As I was passing Breaker Beach, I decided to do it.
He would know whom to contact, and his name would carry more weight than mine. We were taught to always consult with the company lawyer before engaging. I’d already failed when I let Detective Collins inside. If the gas leak was a crime, I needed Grant’s input on how to proceed before involving the police further.
His cell rang until it went to voicemail. I turned the car up the incline of Landing Lane, leaving him a message on speakerphone. “Grant, hi, it’s Avery. Sorry to bother you, but there’s a problem. With the rentals. I think I need to talk to the police. Please call me back.” When I turned down the stone-edged drive, I tapped my brakes. There was another car in the driveway—dark, expensive-looking, familiar.
I swung around the corner of the garage, parked in my spot, hidden out of sight. I could hear voices coming from the backyard—Parker’s and someone else’s, deep and firm.
I moved as quietly as I could, hoping no one noticed my arri
val. So I wasn’t paying attention as I approached the door of the guesthouse.
The front door was unlatched. A sliver of light escaping from inside. I held my breath, pushed the door slowly open.
The living room was in disarray. My box of things in the middle of the room. My clothes pulled out of the closet, heaped on the couch. And waiting in the center of the room stood Bianca.
“Hello,” she said. Her blond hair was pulled back so severely it seemed to blend in with her scalp. She was imposing, even at Sadie’s height, both of them at least four inches shorter than I was.
“Hi, Bianca,” I said. I’d been waiting for Bianca and Grant to return since the start of the season.

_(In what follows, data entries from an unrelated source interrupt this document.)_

(* Every component of [G - S] reaches down to the first level above [S]. *)
Lemma comparable_kl_connected : kl_connected K K level_node comparable.
Proof.
  intros S [_ HS].
  destruct (regular_bounded K ltK RK _ (fun v : {v | S v} => node_level (proj1_sig v)) HS)
    as [al Hal].
  assert (Hfree : forall v, ~ ltK (node_level v) al -> ~ S v)
    by (intros v Hv Sv; exact (Hv (Hal (exist _ v Sv)))).
  destruct (regular_unbounded K ltK RK al) as [c Hc].
  assert (Hlow : forall C : components comparable S,
             exists r, proj1_sig C r /\ ltK (node_level r) c).
  { intros [C [v [Sv EC]]]; simpl; subst C.
    destruct (classic (ltK (node_level v) c)) as [Hv|Hv].
    - exists v; split; [split; [exact Sv | apply connected_in_refl] | exact Hv].
    - assert (Hav : ltK al (node_level v)).
      { destruct (regular_trichotomy K ltK RK (node_level v) c) as [H|[H|H]];
          [contradiction | rewrite H; exact Hc | eapply (regular_trans K ltK RK); eauto]. }
      destruct (node_below v al Hav) as [r [Hr <-]].
      assert (Sr : ~ S r) by (apply Hfree, (regular_irrefl K ltK RK)).
      exists r; split; [split; [exact Sr|] | exact Hc].
      apply connected_in_edge; [exact Sv | exact Sr | right; exact Hr]. }
  destruct (choice _ Hlow) as [r Hr].
  split.
  - destruct (node_at_level al) as [v Hv].
    constructor; exists (fun u => ~ S u /\ connected_in comparable (fun w => ~ S w) v u), v.
    split; [apply Hfree; rewrite Hv; apply (regular_irrefl K ltK RK) | reflexivity].
  - apply (card_lt_mono _ _ {v | ltK (node_level v) c}).
    + exists (fun C => exist (fun v => ltK (node_level v) c) (r C) (proj2 (Hr C))).
      intros C1 C2 E'; apply (f_equal (@proj1_sig _ _)) in E'; simpl in E'.
      apply (components_eq_of_common comparable S C1 C2 (r C2) comparable_sym);
        [rewrite <- E' |]; apply Hr.
    + split; [|apply below_level_small].
      eapply inj_le_trans; [apply inj_le_sig | apply inj_le_equipotent, level_nodes_equipotent].
Qed.

Definition enumerates (C : T -> Prop) (psi : K -> T) : Prop :=
  (forall a, C (psi a)) /\ (forall a b, ltK a b <-> lt (psi a) (psi b)) /\
  (forall t, C t -> exists a, psi a = t).

Lemma enumeration_exists C :
  ord_iso {x | C x} (sub_rel lt C) K ltK -> exists psi, enumerates C psi.
Proof.
  intros [f [g [Hgf [Hfg Hord]]]]; exists (fun a => proj1_sig (g a)); split; [|split].
  - intros a; exact (proj2_sig (g a)).
  - intros a b; pose proof (Hord (g a) (g b)) as H; unfold sub_rel in H.
    rewrite !Hfg in H; split; apply H.
  - intros t Ct; exists (f (exist _ t Ct)); rewrite Hgf; reflexivity.
Qed.

Lemma enumeration_inj C psi a b : enumerates C psi -> psi a = psi b -> a = b.
Proof.
  intros (_ & Hord & _) Eab.
  destruct (regular_trichotomy K ltK RK a b) as [H|[H|H]]; [exfalso | exact H | exfalso];
    apply Hord in H; rewrite Eab in H; exact (proj1 T_tree _ H).
Qed.

Lemma enumeration_on_level C psi a :
  is_branch lt C -> enumerates C psi -> on_level lt ltK a (psi a).
Proof.
  intros HC Hpsi; destruct Hpsi as (Hin & Hord & Hsurj).
  set (rho s := epsilon (regular_inhabited K ltK RK) (fun b => psi b = s)).
  assert (Hrho : forall s, lt s (psi a) -> psi (rho s) = s).
  { intros s Hs; apply epsilon_spec, Hsurj, (branch_down_closed lt C (psi a)); auto. }
  apply on_level_of_level_map with rho; split; [|split; [|split]].
  - intros s Hs; apply Hord; rewrite Hrho; exact Hs.
  - intros k Hk; exists (psi k); split; [apply Hord, Hk|].
    apply (enumeration_inj C psi); [split; auto | apply Hrho, Hord, Hk].
  - intros s s' Hs Hs'; rewrite Hord, (Hrho s Hs), (Hrho s' Hs'); reflexivity.
  - intros s s' Hs Hs' E'; rewrite <- (Hrho s Hs), <- (Hrho s' Hs'), E'; reflexivity.
Qed.
(* Let $\mathsf{V}$ be a congruence distributive variety of $\mathcal{L}$-algebras that has the compact intersection property. For every finite set of variables $\overline{x}$ and conjunctions of equations $\varphi_1(\overline{x}),\varphi_2(\overline{x})$, there exists a conjunction of equations $\pi(\overline{x})$ such that for every finite set of variables $\overline{y}$ and every equation $\varepsilon(\overline{x},\overline{y})$, \[\mathsf{V}\models(\varphi_1\curlyvee\varphi_2)\to\varepsilon\iff\mathsf{V}\models\pi\to\varepsilon.\]
   Context: $\mathcal{L}$ is an algebraic first-order language with at least one constant symbol; $\curlyvee$ denotes disjunction. $\mathsf{V}\models\alpha$ means all members of $\mathsf{V}$ satisfy $\alpha$ under all assignments. $\mathsf{V}$ has the compact intersection property if for every $\mathbf{A}\in\mathsf{V}$, the intersection of any two compact (finitely generated) congruences of $\mathbf{A}$ is compact. *)

From Stdlib Require Import List.
From Stdlib Require Fin.
Import ListNotations.

Record language := {
  op : Type;
  arity : op -> nat
}.

Definition has_constant (L : language) : Prop :=
  exists c : op L, arity L c = 0.

Record algebra (L : language) := {
  carrier :> Type;
  interp : forall f : op L, (Fin.t (arity L f) -> carrier) -> carrier
}.
Arguments interp {L} _ f args.

Inductive term (L : language) (X : Type) : Type :=
| var : X -> term L X
| app : forall f : op L, (Fin.t (arity L f) -> term L X) -> term L X.
Arguments var {L X} x.
Arguments app {L X} f args.

Fixpoint eval {L : language} {X : Type} (A : algebra L) (s : X -> A)
  (t : term L X) : A :=
  match t with
  | var x => s x
  | app f args => interp A f (fun i => eval A s (args i))
  end.

Definition equation (L : language) (X : Type) : Type := (term L X * term L X)%type.
Definition conj_eqs (L : language) (X : Type) : Type := list (equation L X).

Definition sat_eq {L : language} {X : Type} (A : algebra L) (s : X -> A)
  (e : equation L X) : Prop := eval A s (fst e) = eval A s (snd e).

Definition sat_conj {L : language} {X : Type} (A : algebra L) (s : X -> A)
  (phi : conj_eqs L X) : Prop := forall e, In e phi -> sat_eq A s e.

Definition is_hom {L : language} (A B : algebra L) (h : A -> B) : Prop :=
  forall (f : op L) (args : Fin.t (arity L f) -> A),
    h (interp A f args) = interp B f (fun i => h (args i)).

Definition prod_alg {L : language} (I : Type) (F : I -> algebra L) : algebra L :=
  {| carrier := forall i : I, F i;
     interp := fun f args => fun i => interp (F i) f (fun j => args j i) |}.

Definition is_variety {L : language} (V : algebra L -> Prop) : Prop :=
  (forall (A B : algebra L) (h : A -> B),
      V A -> is_hom A B h -> (forall b : B, exists a : A, h a = b) -> V B) /\
  (* closed under subalgebras (up to isomorphism: injective homomorphisms) *)
  (forall (A B : algebra L) (h : B -> A),
      V A -> is_hom B A h -> (forall x y : B, h x = h y -> x = y) -> V B) /\
  (forall (I : Type) (F : I -> algebra L),
      (forall i, V (F i)) -> V (prod_alg I F)).

Definition rel (A : Type) : Type := A -> A -> Prop.

Definition is_congruence {L : language} (A : algebra L) (theta : rel A) : Prop :=
  (forall a, theta a a) /\
  (forall a b, theta a b -> theta b a) /\
  (forall a b c, theta a b -> theta b c -> theta a c) /\
  (forall (f : op L) (args1 args2 : Fin.t (arity L f) -> A),
      (forall i, theta (args1 i) (args2 i)) ->
      theta (interp A f args1) (interp A f args2)).

Definition rel_eq {A : Type} (r1 r2 : rel A) : Prop :=
  forall a b, r1 a b <-> r2 a b.

Definition Cg {L : language} (A : algebra L) (R : rel A) : rel A :=
  fun a b => forall theta : rel A,
    is_congruence A theta -> (forall x y, R x y -> theta x y) -> theta a b.

Definition cmeet {A : Type} (r1 r2 : rel A) : rel A := fun a b => r1 a b /\ r2 a b.

Definition cjoin {L : language} (A : algebra L) (r1 r2 : rel A) : rel A :=
  Cg A (fun a b => r1 a b \/ r2 a b).

Definition congruence_distributive_alg {L : language} (A : algebra L) : Prop :=
  forall theta phi psi : rel A,
    is_congruence A theta -> is_congruence A phi -> is_congruence A psi ->
    rel_eq (cmeet theta (cjoin A phi psi))
           (cjoin A (cmeet theta phi) (cmeet theta psi)).

Definition congruence_distributive {L : language} (V : algebra L -> Prop) : Prop :=
  forall A, V A -> congruence_distributive_alg A.

Definition compact_congruence {L : language} (A : algebra L) (theta : rel A) : Prop :=
  exists l : list (A * A),
    rel_eq theta (Cg A (fun a b => In (a, b) l)).

Definition compact_intersection_property {L : language} (V : algebra L -> Prop) : Prop :=
  forall A, V A -> forall theta psi : rel A,
    compact_congruence A theta -> compact_congruence A psi ->
    compact_congruence A (cmeet theta psi).

(* V |= (phi1 \/ phi2) -> eps, where phi1, phi2 are in the variables xbar
   (Fin.t n) and eps is in the variables xbar, ybar (Fin.t n + Fin.t m). *)
Definition models_disj_imp {L : language} (V : algebra L -> Prop) {n m : nat}
  (phi1 phi2 : conj_eqs L (Fin.t n)) (eps : equation L (Fin.t n + Fin.t m)) : Prop :=
  forall A, V A -> forall s : (Fin.t n + Fin.t m) -> A,
    (sat_conj A (fun x => s (inl x)) phi1 \/ sat_conj A (fun x => s (inl x)) phi2) ->
    sat_eq A s eps.

Definition models_imp {L : language} (V : algebra L -> Prop) {n m : nat}
  (pi : conj_eqs L (Fin.t n)) (eps : equation L (Fin.t n + Fin.t m)) : Prop :=
  forall A, V A -> forall s : (Fin.t n + Fin.t m) -> A,
    sat_conj A (fun x => s (inl x)) pi -> sat_eq A s eps.

(* In the free algebra of V on the variables x̄ together with countably many
   further variables z_0, z_1, ..., a conjunction γ implies an equation ε in V
   exactly when ε lies in the congruence generated by γ.  So the consequences
   of φ1 ∨ φ2 correspond to the meet Cg(φ1) ∩ Cg(φ2), which by the compact
   intersection property is generated by a finite conjunction γ0.  Only finitely
   many z_k occur in γ0: moving ȳ past them and then replacing every z_k by a
   constant turns γ0 into π. *)

From Stdlib Require Import List Arith Lia.
From Stdlib Require Import ClassicalEpsilon FunctionalExtensionality.
From Stdlib Require Import PropExtensionality ProofIrrelevance.
From Stdlib Require Fin.
Import ListNotations.

Section Terms.
Context {L : language}.

Fixpoint subst {X Y : Type} (σ : X -> term L Y) (t : term L X) : term L Y :=
  match t with
  | var x => σ x
  | app f args => app f (fun i => subst σ (args i))
  end.

Definition subst_eq {X Y : Type} (σ : X -> term L Y) (e : equation L X) : equation L Y :=
  (subst σ (fst e), subst σ (snd e)).

Lemma eval_subst {X Y : Type} (A : algebra L) (a : Y -> A) (σ : X -> term L Y)
  (t : term L X) :
  eval A a (subst σ t) = eval A (fun x => eval A a (σ x)) t.
Proof.
  induction t as [x | f args IH]; simpl; [reflexivity |].
  f_equal; apply functional_extensionality; exact IH.
Qed.

Lemma sat_eq_subst {X Y : Type} (A : algebra L) (a : Y -> A) (σ : X -> term L Y)
  (e : equation L X) :
  sat_eq A a (subst_eq σ e) <-> sat_eq A (fun x => eval A a (σ x)) e.
Proof. unfold sat_eq, subst_eq; simpl; rewrite !eval_subst; reflexivity. Qed.

Lemma sat_conj_subst {X Y : Type} (A : algebra L) (a : Y -> A) (σ : X -> term L Y)
  (G : conj_eqs L X) :
  sat_conj A a (map (subst_eq σ) G) <-> sat_conj A (fun x => eval A a (σ x)) G.
Proof.
  split.
  - intros H e He; apply sat_eq_subst, H, in_map, He.
  - intros H e' He'; apply in_map_iff in He' as (e & <- & He).
    apply sat_eq_subst, H, He.
Qed.

Lemma eval_hom {X : Type} (A B : algebra L) (h : A -> B) (a : X -> A) (t : term L X) :
  is_hom A B h -> h (eval A a t) = eval B (fun x => h (a x)) t.
Proof.
  intros Hh; induction t as [x | f args IH]; simpl; [reflexivity |].
  rewrite Hh; f_equal; apply functional_extensionality; exact IH.
Qed.

End Terms.

Section Congruences.
Context {L : language} (A : algebra L).

Lemma Cg_is_congruence (R : rel A) : is_congruence A (Cg A R).
Proof.
  repeat split.
  - intros a θ (Hrefl & _) _; apply Hrefl.
  - intros a b H θ Hθ HR; apply Hθ, H; assumption.
  - intros a b c Hab Hbc θ Hθ HR; apply (proj1 (proj2 (proj2 Hθ))) with b;
      [apply Hab | apply Hbc]; assumption.
  - intros f args1 args2 H θ Hθ HR; apply Hθ; intros i; apply H; assumption.
Qed.

Lemma Cg_incl (R : rel A) (a b : A) : R a b -> Cg A R a b.
Proof. intros H θ _ HR; apply HR, H. Qed.

Lemma Cg_ext (R R' : rel A) :
  (forall a b, R a b <-> R' a b) -> rel_eq (Cg A R) (Cg A R').
Proof.
  intros HRR' a b; split; intros H θ Hθ HR; apply H; trivial;
    intros x y Hxy; apply HR, HRR', Hxy.
Qed.

Lemma kernel_is_congruence (B : algebra L) (h : A -> B) :
  is_hom A B h -> is_congruence A (fun a b => h a = h b).
Proof.
  intros Hh; repeat split; try congruence.
  intros f args1 args2 H; rewrite !Hh; f_equal; apply functional_extensionality; exact H.
Qed.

No one had mentioned anything about my job in all the time since Sadie’s death. The money kept coming. I thought maybe it was just a moment when we’d said things that each of us would rather take back, and we could chalk it up to grief, on both sides.
The state of my living room suggested otherwise.
Bianca’s face remained expressionless, and I knew I’d had it all wrong. “I thought I told you to leave,” she said.
SUMMER
2017
The Plus-One Party
10 p.m.
The police were coming. That was what everyone was whispering when I stepped outside the master bedroom, joining the rest of the party at the other end of the darkened hall.
The blackout. Ellie’s scream as she fell into the pool. Someone had heard it, called it in. Three people told me in the course of two minutes. I didn’t know any of them by name, but I assumed one of them was the person Parker had told me about who’d been looking for me. It was a small thrill to realize that they knew who I was, that I was the one to turn to. That I was the person in charge here.